This weekend I went on a quick morning hike. The morning was cool, the desert mountain was inviting and very calm. My little dog and I trotted along enjoying the sunrise and views of the valley below as we climbed higher.
On our return down the mountain we ran into this beefy fellow.
We had walked right up to him without seeing him. I only knew of his presence when his rattle struck that distinctive sound.
I quickly put my dog on her leash, while locating the snake, and then gave her a command to stay back. The snake sat about six feet away, on the side of the road, well camouflaged – yet coiled and ready to strike.
Being familiar with rattlesnakes and their striking distance, I edged closer for a couple of pictures from a safe distance. He decided to retreat and I was happy to let him go on his merry way. The dog and I turned and headed back down the mountain, away from the snake. It was only a few brief moments, that ended with out incident, but it got me thinking.
On the way down I pondered how much rattlesnakes and sin are alike. I am sure I must have heard this in a conference talk or Sunday school lesson before, but I thought about it for a while and figured I’d share my version here.
Snakes and sin can be sneaky
Like the snake, sin is not always apparent. I did not see this snake until I looked. I wasn’t being unsafe, we were walking on the road, I wasn’t looking for snakes, I wasn’t expecting a snake. But it was there, it was hard to see, and it was still dangerous regardless of anything I was doing. Sin isn’t always obvious, it isn’t always something we searched out, it can appear at very unexpected times, and it can be dangerous regardless of our intent or original plans.
Snakes are patient, and so is Satan
The snake didn’t want to bite us. Rattlesnakes prefer to avoid encounters with other predators, and would rather preserve their venom for hunting purposes when they know they can make a killing strike. I fear that sometimes Satan plays the same game. Sometimes a sin, or a small dosage of sin, doesn’t hurt us enough to notice. Sometimes Satan wants us to just get close, or have a little taste. He preserves his ability to actually harm us until he is ready, until he feels that we are prey, ready to be taken. Then he strikes.
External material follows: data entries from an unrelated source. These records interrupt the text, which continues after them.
Lemma eigenvalue_second_difference_eq0_short p :
  (p.+2 <= L)%N -> (2 * p.+2 < R + 6)%N -> E p.+2 - 2%:R * E p.+1 + E p = 0.
Proof.
move=> pL pR; pose X := itv (R + 6) (R + 6 + 2 * p).
apply: (eigenvalue_second_difference_eq0 N_gt1 N_gt4 (X := X) eigen string_avoids_A_or_B
          (@local_recursion_domino C _ N_gt1 N_gt4 _) (@local_recursion_domino C _ N_gt1 N_gt4 _)
          (pattern_within_domino _) (pattern_within_domino _) disjoint_AB _ _ pL).
- by rewrite triomino_pt0 disjoint_itv //; lia.
- by rewrite triomino_ptR disjoint_itv.
rewrite !domino_pt; try lia.
rewrite (_ : p.+2 = 0 + 1 + 1 + p)%N // (_ : _ :|: _ :|: _ = set0 :|: itv 0 (0 + 2 * 1)
    :|: itv (R + 3) (R + 3 + 2 * 1) :|: itv (R + 6) (R + 6 + 2 * p)); last first.
  by apply/setP => x; rewrite !inE; lia.
apply/lt0r_neq0; do 3 (apply: Qp_gt0_setU_itv; [move=> w; rewrite !inE; lia | lia | ]).
by rewrite Qp0 eqxx ltr01.
Qed.

Lemma eigenvalue_second_difference_eq0_cycle p :
  (p.+2 <= L)%N -> (2 * p.+2 <= N)%N -> E p.+2 - 2%:R * E p.+1 + E p = 0.
Proof.
move=> pL pN; have [Rp|pR] := leqP (R + 6) (2 * p.+2).
  by apply: eigenvalue_second_difference_eq0_long; rewrite ?Rp.
exact: eigenvalue_second_difference_eq0_short.
Qed.

End Geometry.

Theorem corollary1 (C : numClosedFieldType) (k R : nat) :
  (0 < k)%N -> (0 < R)%N ->
  exists N0 : nat, forall N : nat, (N0 < N)%N ->
  forall (c : {set 'I_N} -> {set 'I_N} -> C),
    klocal k c -> range_le R c ->
  forall (E : nat -> C) (L : nat),
    Qp C N L != 0 ->
    (forall p, (L < p)%N -> Qp C N p = 0) ->
    (forall p, (p <= L)%N -> forall y, op_apply c (Qp C N p) y = E p * Qp C N p y) ->
  exists Om om : C, forall p, (p <= L)%N -> E p = Om + om * p%:R.
Proof.
move=> _ _; exists (2 * R + 6)%N => -[//|n] ltN c _ range_c E L QL _ eigen.
have L_le : (2 * L <= n.+1)%N by apply: Qp_neq0_le QL; lia.
exists (E 0), (E 1 - E 0); apply: affine_of_second_difference_eq0 => p pL.
by apply: (eigenvalue_second_difference_eq0_cycle _ range_c eigen pL); lia.
Qed.
Lemma is_RInt_fourier_phi_re k :
  is_RInt (fun x => cos_series c x * cos (IZR k * x) + sin_series c x * sin (IZR k * x))
    (- PI) PI (2 * PI * c k).
Proof.
  apply is_RInt_ext with (f := fun x => zsumR (fun j => c j * cos (IZR (j - k) * x))).
  { intros x _. symmetry. apply fourier_series_phi_re. }
  replace (2 * PI * c k) with (zsumR (fun j => c j * (if Z.eqb (j - k) 0 then 2 * PI else 0))).
  - apply is_RInt_zsumR with (b := fun j => Rabs (c j)).
    + apply zsummable_abs, Hc.
    + intros j x. trig_bound.
    + intros j. apply is_RInt_scalR, is_RInt_cos_IZR.
  - rewrite (zsumR_delta _ k), Z.sub_diag; [simpl; ring|].
    intros j Hj. destruct (Z.eqb_spec (j - k) 0); [lia | ring].
Qed.

Lemma is_RInt_fourier_phi_im k :
  is_RInt (fun x => sin_series c x * cos (IZR k * x) - cos_series c x * sin (IZR k * x))
    (- PI) PI 0.
Proof.
  apply is_RInt_ext with (f := fun x => zsumR (fun j => c j * sin (IZR (j - k) * x))).
  { intros x _. symmetry. apply fourier_series_phi_im. }
  rewrite <- zsumR_zero, (zsumR_ext (fun _ => 0) (fun j => c j * 0)) by (intros; ring).
  apply is_RInt_zsumR with (b := fun j => Rabs (c j)).
  - apply zsummable_abs, Hc.
  - intros j x. trig_bound.
  - intros j. apply is_RInt_scalR, is_RInt_sin_IZR.
Qed.

End FourierSeries.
Rattlesnakes have warnings, and so do sins.
We’ve all been taught about the dangers of snakes and sin. We’ve all been warned. Regardless of those warnings and lessons we will all inevitably run into sin. But there is a second kind of warning that we need to pay even more attention too. Every warning I have been given about rattlesnakes, and every encounter I’ve had before, wouldn’t have made any difference if the snake hadn’t rattled. That moment of warning was crucial to us having a chance to avoid the snake.
Sins have rattles also. At the very least the Light of Christ helps us to know good from evil. But sins also come with many other kinds of rattles. Sometimes it is a feeling that we need to secure ourselves secretly before we proceed. Sometimes, it is looking over our shoulder to check for some unidentified presence before we take the next step. Sometimes it is the negative effects we have seen in others who have already traveled down the path of sin. Sometimes it’s just a feeling in our gut. Sometimes it is that moment when our natural side wants to proceed, but our spiritual side gives us a moment of hesitation. Other times it is that immediate loss of the Spirit as we begin to proceed to sin.
I suppose that, like feeling the Spirit, these sin-rattles are different for every person. Maybe even different for the specific situation we are in. But they are there. Sin does have a rattle. And if we are listening we can hear it’s warning.
I could take this story a lot further in comparing it to sin. I could talk about:
- The effects of snake venom and compare them to the effects of sin.
- How I put myself in more danger creeping closer to get a picture of the snake.
- How I didn’t try and control or even destroy the snake, I just put distance between me and it.
- My dog’s lack of experience and understanding compared to my own.
- How I protected the dog with a leash and a command.
- How I would have needed help to heal from the snake bite, how I would not have been able to heal myself, and how that it is the same with sin.
But much more than any of those, the though that “sins have rattles too” struck me as something we should be very aware of. Something that we should hone our spiritual ear too. Something that can help us live the life we desire . That one moment in which we hear the rattle of sin, is the moment we get to choose to walk away – or risk getting bit.